Homicidio motivado por súplica de la víctima. El que matara a otro que se hallase gravemente enfermo o herido, obedeciendo a súplicas serias, reiteradas e insistentes de la víctima, será castigado con pena privativa de libertad de hasta tres años.

e) Finalmente, la legislación de Perú establece en el art. 212:

Homicidio piadoso. El que, por piedad, mata a un enfermo incurable que le solicita de manera expresa y consciente para poner fin a sus intolerables dolores, será reprimido con pena privativa de libertad no mayor de tres años.

Eutanasia y dignidad de la persona humana

Delimitado el concepto jurídico-penal de eutanasia, en los términos restrictivos expuestos anteriormente, cabe preguntarse acerca de la "eticidad" de una posible legislación eutanásica; en otras palabras, si es aceptable, desde el punto de vista ético y jurídico, despenalizar este tipo de conductas.

Los defensores de la despenalización de la eutanasia fundamentan sus razonamientos, precisamente, en la "dignidad de la persona humana". Según hemos señalado más arriba, suele identificarse la expresión eutanasia con "muerte digna". El término dignidad, que ha sido utilizado de manera creciente en diversos cuerpos normativos nacionales e internacionales12 , es de compleja definición y en nombre de la "dignidad de la persona humana", se han defendido procedimientos, especialmente en el campo de la salud, muy cuestionados desde un punto de vista ético(8, p.3).

De la dignidad inherente a la persona humana derivan todos los derechos humanos, comprendido, obviamente, aquel derecho primigenio a la vida. Respetar la dignidad del individuo implica, necesariamente, abstenerse de realizar cualquier acto, incluida la promulgación de normas, que puedan menoscabarla(1, p.123-124).

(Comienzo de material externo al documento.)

Lemma expR_tangent_gap_le s v z : 0 <= s -> 0 < v ->
  expR (s * z) - 1 - s * z <=
  2 * s ^+ 2 / expR 2 * expR (- z)
  + s ^+ 2 / 2 * (2 / (v * expR 1)) ^+ 2 * expR ((s + v) * z).
Proof.
move=> s0 v0.
have s20 : 0 <= s ^+ 2 / 2 by rewrite divr_ge0 ?sqr_ge0.
have A0 : 0 <= 2 * s ^+ 2 / expR 2 * expR (- z).
  by rewrite mulr_ge0 ?expR_ge0 // divr_ge0 ?expR_ge0 // mulr_ge0 ?sqr_ge0.
have C0 : 0 <= s ^+ 2 / 2 * (2 / (v * expR 1)) ^+ 2 * expR ((s + v) * z).
  by rewrite mulr_ge0 ?expR_ge0 // mulr_ge0 ?sqr_ge0.
have [z0|z0] := ltP z 0.
- have ht := expR_le_taylor2_neg _ (mulr_ge0_le0 s0 (ltW z0)).
  have : (s * z) ^+ 2 / 2 <= 2 * s ^+ 2 / expR 2 * expR (- z).
    have := sqr_le_expR _ (- z) ltr01 _; rewrite !mul1r sqrrN => hq.
    rewrite (_ : (s * z) ^+ 2 / 2 = s ^+ 2 / 2 * z ^+ 2); last by ring.
    rewrite (_ : 2 * s ^+ 2 / expR 2 * expR (- z) =
      s ^+ 2 / 2 * ((2 / expR 1) ^+ 2 * expR (- z))); last first.
      have e2 : expR 2 = expR 1 ^+ 2 :> R by rewrite -expRM_natr mul1r.
      by rewrite e2; field; rewrite gt_eqF ?expR_gt0.
    by rewrite ler_wpM2l // hq // oppr_ge0 ltW.
  lra.
- have ht := expR_le_taylor2_pos _ (mulr_ge0 s0 z0).
  have : (s * z) ^+ 2 / 2 * expR (s * z) <=
         s ^+ 2 / 2 * (2 / (v * expR 1)) ^+ 2 * expR ((s + v) * z).
    have hq := sqr_le_expR _ _ v0 z0.
    rewrite (mulrDl s v z) expRD (_ : (s * z) ^+ 2 / 2 * expR (s * z) =
      s ^+ 2 / 2 * expR (s * z) * z ^+ 2); last by ring.
    rewrite (_ : s ^+ 2 / 2 * (2 / (v * expR 1)) ^+ 2 * (expR (s * z) * expR (v * z)) =
      s ^+ 2 / 2 * expR (s * z) *
      ((2 / (v * expR 1)) ^+ 2 * expR (v * z))); last by ring.
    by rewrite ler_wpM2l // mulr_ge0 ?expR_ge0.
  lra.
Qed.

Definition renyi_gap_bound (gamma lambda eta : R) : R :=
  let tau := Num.min (((lambda - eta) * gamma) / 2) 1 in
  2 * (eta - 1) / expR 2 *
  (1 + expR ((eta - 1) * gamma) * ((gamma * expR tau) / (2 * tau)) ^+ 2).

Lemma renyi_gap_bound_ge0 gamma lambda eta : 1 <= eta ->
  0 <= renyi_gap_bound gamma lambda eta.
Proof.
move=> eta1; apply: mulr_ge0; first by rewrite divr_ge0 ?expR_ge0 // mulr_ge0 // subr_ge0.
by rewrite addr_ge0 // mulr_ge0 ?expR_ge0 ?sqr_ge0.
Qed.

End exp_inequalities.

Arguments ler_wpM2l_sub {R a x y u v}.

Section weighted_sums.
Context {d : measure_display} {Y : measurableType d} {R : realType}.
Local Open Scope ereal_scope.

Definition nonneg_measurable (h : Y -> \bar R) :=
  (forall x, 0 <= h x) /\ measurable_fun setT h.

Definition wsum (l : seq (R * (Y -> \bar R))) (x : Y) : \bar R :=
  \sum_(p <- l) p.1%:E * p.2 x.

Definition nonneg_terms (l : seq (R * (Y -> \bar R))) :=
  forall c h, List.In (c, h) l -> (0 <= c)%R /\ nonneg_measurable h.

Lemma nonneg_terms_consE c h l :
  nonneg_terms ((c, h) :: l) -> [/\ (0 <= c)%R, nonneg_measurable h & nonneg_terms l].
Proof.
move=> hl; have [c0 hh] := hl c h (or_introl erefl).
by split=> // c' h' hin; apply: hl; right.
Qed.

Lemma nonneg_terms_nil : nonneg_terms [::].
Proof. by []. Qed.

Lemma nonneg_terms_consI c h l : nonneg_measurable h -> nonneg_terms l -> (0 <= c)%R ->
  nonneg_terms ((c, h) :: l).
Proof. by move=> hh hl c0 c' h' /= [[<- <-]|/hl]. Qed.

Lemma nonneg_measurable_wsum l : nonneg_terms l -> nonneg_measurable (wsum l).
Proof.
rewrite /wsum; elim: l => [_|[c h] l IH /nonneg_terms_consE[c0 [h0 mh] /IH[s0 ms]]].
  split=> [x|]; first by rewrite big_nil.
  by under eq_fun do rewrite big_nil; exact: measurable_cst.
split=> [x|]; first by rewrite big_cons adde_ge0 ?mule_ge0.
under eq_fun do rewrite big_cons.
by apply: emeasurable_funD => //; exact: measurable_funeM.
Qed.

Lemma wsum_eq_pinfty l c h x : nonneg_terms l -> List.In (c, h) l ->
  (0 < c)%R -> h x = +oo -> wsum l x = +oo.
Proof.
have ge0_Ny (y : \bar R) : 0 <= y -> y != -oo by rewrite -ltNye; apply: lt_le_trans.
rewrite /wsum; elim: l => // -[c' h'] l IH /nonneg_terms_consE[c'0 [h'0 _] hl].
rewrite big_cons => -[[<- <-] c0 hx|hin c0 hx] /=.
  rewrite hx gt0_muley ?lte_fin // addye //.
  exact: ge0_Ny ((nonneg_measurable_wsum _ hl).1 x).
by rewrite IH // addey // ge0_Ny ?mule_ge0.
Qed.

Variable nu : {measure set Y -> \bar R}.

Lemma integral_wsum l : nonneg_terms l ->
  \int[nu]_x wsum l x = \sum_(p <- l) p.1%:E * \int[nu]_x p.2 x.
Proof.
elim: l => [_|[c h] l IH hl]; rewrite /wsum.
  by under eq_fun do rewrite big_nil; rewrite big_nil integral0.
have [c0 [h0 mh] /[dup] hl' /nonneg_measurable_wsum[s0 ms]] := nonneg_terms_consE _ _ _ hl.
under eq_fun do rewrite big_cons.
rewrite big_cons ge0_integralD //=.
- by rewrite ge0_integralZl_EFin // IH.
- by move=> x _; rewrite mule_ge0.
- exact: measurable_funeM.
- by move=> x _; exact: s0.
Qed.

Lemma le_integral_wsum l1 l2 : nonneg_terms l1 -> nonneg_terms l2 ->
  (forall x, wsum l1 x <= wsum l2 x) ->
  \sum_(p <- l1) p.1%:E * \int[nu]_x p.2 x <= \sum_(p <- l2) p.1%:E * \int[nu]_x p.2 x.
Proof.
move=> /[dup] h1 /nonneg_measurable_wsum[p1 m1] /[dup] h2 /nonneg_measurable_wsum[p2 m2] le12.
by rewrite -!integral_wsum //; apply: ge0_le_integral.
Qed.

Lemma nonneg_measurable_integrable h : nonneg_measurable h ->
  \int[nu]_x h x \is a fin_num -> nu.-integrable setT h.
Proof.
move=> [h0 mh] hfin; apply/integrableP; split => //.
under eq_integral do rewrite gee0_abs //.
by rewrite -ge0_fin_numE // integral_ge0.
Qed.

Pero, ¿qué debemos entender por "dignidad"? Los hombres tienen dignidad por el solo hecho de ser tales, razón por la cual debemos descartar, desde luego, cualquier acepción que pretenda relativizar este concepto13. Desde esta perspectiva "ontológica", la dignidad de la persona humana es absoluta, existe independientemente de su situación social, política, religiosa, etc., y no es modificable bajo ninguna circunstancia. Depende de su "ser y no de su "hacer"(8, p.3). En palabras de Kant(10, p.319):

el deber de respetar a mi prójimo está contenido en la máxima de no degradar a ningún otro hombre convirtiéndole únicamente en medio para mis fines (no exigir que el otro deba rebajarse a sí mismo para entregarse a mi fin).

El hombre es un fin en sí mismo y nunca ha de ser tratado como un medio o instrumento. En otros términos, significa que el ser humano no se puede vender ni comprar, que su vida es un fin en sí mismo y que toda la ciencia y las artes tienen que ir orientadas al servicio de este fin que es la persona humana, de otra forma se vulnera su dignidad y entonces el ser humano recibe un trato indigno(8, p.3).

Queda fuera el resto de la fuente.